The trading account plays an important role when it is about institutional and professional traders. All traders want to trade a funded account, but there are a few traders who can do it properly. Most of the traders are stuck with smaller accounts and some of them just cover only the required margin.
Trading with small accounts can be risky sometimes because you have to maintain the money management rules strictly. For instance, if an account covers only the required margin by $300, and it takes the loss of $400, then it will be very hard to trade with the account till more money is deposited.
What is trading with a small account?
It is often quite difficult to trade with smaller accounts compared to larger ones. However, larger accounts often are highly buffered against some severe mistakes, unexpected loss of streaks, and even worse traders. On the other hand, small accounts don’t have much buffer.
In addition to this, one can easily trade any market by using large accounts, but when it is about to use smaller ones, he/she has to use the market with lower margin requirements. Besides, large accounts allow flexible trading such as different contracts, while smaller ones are limited in management strategies.
Trading with a small account has several psychological issues, which make everything harder for the businessman. For instance, when a Forex trader knows that he/she can afford the losing trade before the account gets untradeable, the pressure to obtain more profit becomes enormous. If the trader can handle the pressure in a disciplined manner, he/she can overcome the situation. However, you have to remember that sometimes the best businessmen face losing trades, and nobody can do anything to avoid such trades. This situation adds more stress psychologically. Visit the site of Saxo and read some articles on trading psychology. You should get a clear idea of why the elite traders in the Mena region are doing relatively well in the investment business.
Some advice for small accounts
1. Use leverage while trading
By using leverage, you can trade the market with your small accounts. Such as, direct trading stocks will require 30% to 25% of the value in cash but trading a similar underlying stock by using the warrant market will reduce the requirement to 15%.

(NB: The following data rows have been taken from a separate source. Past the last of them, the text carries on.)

(* Let $X$ be a rearrangement invariant sequence space such that the discrete Cesàro operator $C$ is bounded on $X$. Then $(CX)_a=C(X_a)$.
   Context: A rearrangement invariant sequence space is a Banach space $X$ of real sequences with the ideal property ($|x|\le|y|$ coordinatewise, $y\in X$ imply $x\in X$, $\|x\|_X\le\|y\|_X$), containing a sequence with all coordinates nonzero, with equal norms for equimeasurable sequences. $C(x)_n=\frac1n\sum_{k=1}^nx_k$. $CX=\{x:C(|x|)\in X\}$ with $\|x\|_{CX}=\|C(|x|)\|_X$, and $C(X_a)=\{x: C(|x|)\in X_a\}$. For a Banach ideal space $Y$, $Y_a$ denotes the ideal of order continuous elements: $y\in Y_a$ iff $0\le y^{(n)}\le|y|$, $y^{(n)}\downarrow0$ coordinatewise imply $\|y^{(n)}\|_Y\to0$. *)

(* sequences are  nat -> R  with R : realType,
   indices shifted to start at 0 (paper's x_1 is our x 0). *)
From HB Require Import structures.
From mathcomp Require Import all_boot all_order all_algebra.
From mathcomp Require Import all_classical all_reals all_analysis.
Set Implicit Arguments. Unset Strict Implicit. Unset Printing Implicit Defensive.
Import Order.TTheory GRing.Theory Num.Theory.
Import numFieldNormedType.Exports.
Local Open Scope classical_set_scope.
Local Open Scope ring_scope.

Section Defs.
Variable R : realType.
Notation seqR := (nat -> R).

Definition absq (x : seqR) : seqR := fun n => `|x n|.

Definition cesaro (x : seqR) : seqR :=
  fun n => (n.+1%:R)^-1 * \sum_(k < n.+1) x k.

(* equimeasurable: equal distribution functions t |-> #{n : |x n| > t},
   values being cardinals (possibly infinite) *)
Definition equimeasurable (x y : seqR) : Prop :=
  forall t : R, 0 < t -> card_eq [set n | t < `|x n|] [set n | t < `|y n|].

Definition banach_seq_space (X : set seqR) (nrm : seqR -> R) : Prop :=
  X (fun _ => 0) /\
      (forall x y, X x -> X y -> X (fun n => x n + y n)) /\
      (forall (a : R) x, X x -> X (fun n => a * x n)) /\
      (forall x, X x -> 0 <= nrm x /\ (nrm x = 0 <-> x = (fun _ => 0))) /\
      (forall (a : R) x, X x -> nrm (fun n => a * x n) = `|a| * nrm x) /\
      (forall x y, X x -> X y -> nrm (fun n => x n + y n) <= nrm x + nrm y) /\
      (forall u : nat -> seqR, (forall m, X (u m)) ->
         (forall e : R, 0 < e -> exists N, forall m k, (N <= m)%N -> (N <= k)%N ->
              nrm (fun n => u m n - u k n) < e) ->
         exists2 v, X v & (fun m => nrm (fun n => u m n - v n)) @ \oo --> (0 : R)).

2. Trade-in conservative way
If you have a well-funded account, then you will have the ability to take bigger risks of making trades. Taking high-risk can sometimes ruin the entire trade. A trader with a smaller trading account is more cautious, and he/she tries to predict the movement of the price precisely. If you are a businessman with a small account, then make sure that the risk: reward ratio is profitable. Don’t forget to calculate the market in the right way.
3.Stick to 1% risk rule
Trading with 1% risk ensures smaller accounts with a similar buffer like the larger ones. Professional traders always abide by this 1% risk rule despite the size of the accounts. This rule is an excellent risk management technique.
Final words about small account
Lots of traders have stated that under-capitalized accounts can’t be used to trade properly. But their statement is not so true. In fact, using small trading accounts can be more difficult for operating a business. However, if anyone can control the account properly, then these accounts can beget profit to the business.
In addition to this, smaller accounts can bring decent earning from the business. Still, in that case, the traders must control the psychological stress, which is associated with the under-capitalization.
Experts always advise to concentrate on the risk management technique and use them in the right way. All these techniques can be helpful as they can turn the smaller accounts into the bigger ones. To grow the account, you must take the time, and slowly, you can build a larger trading account in a responsible and gradual manner.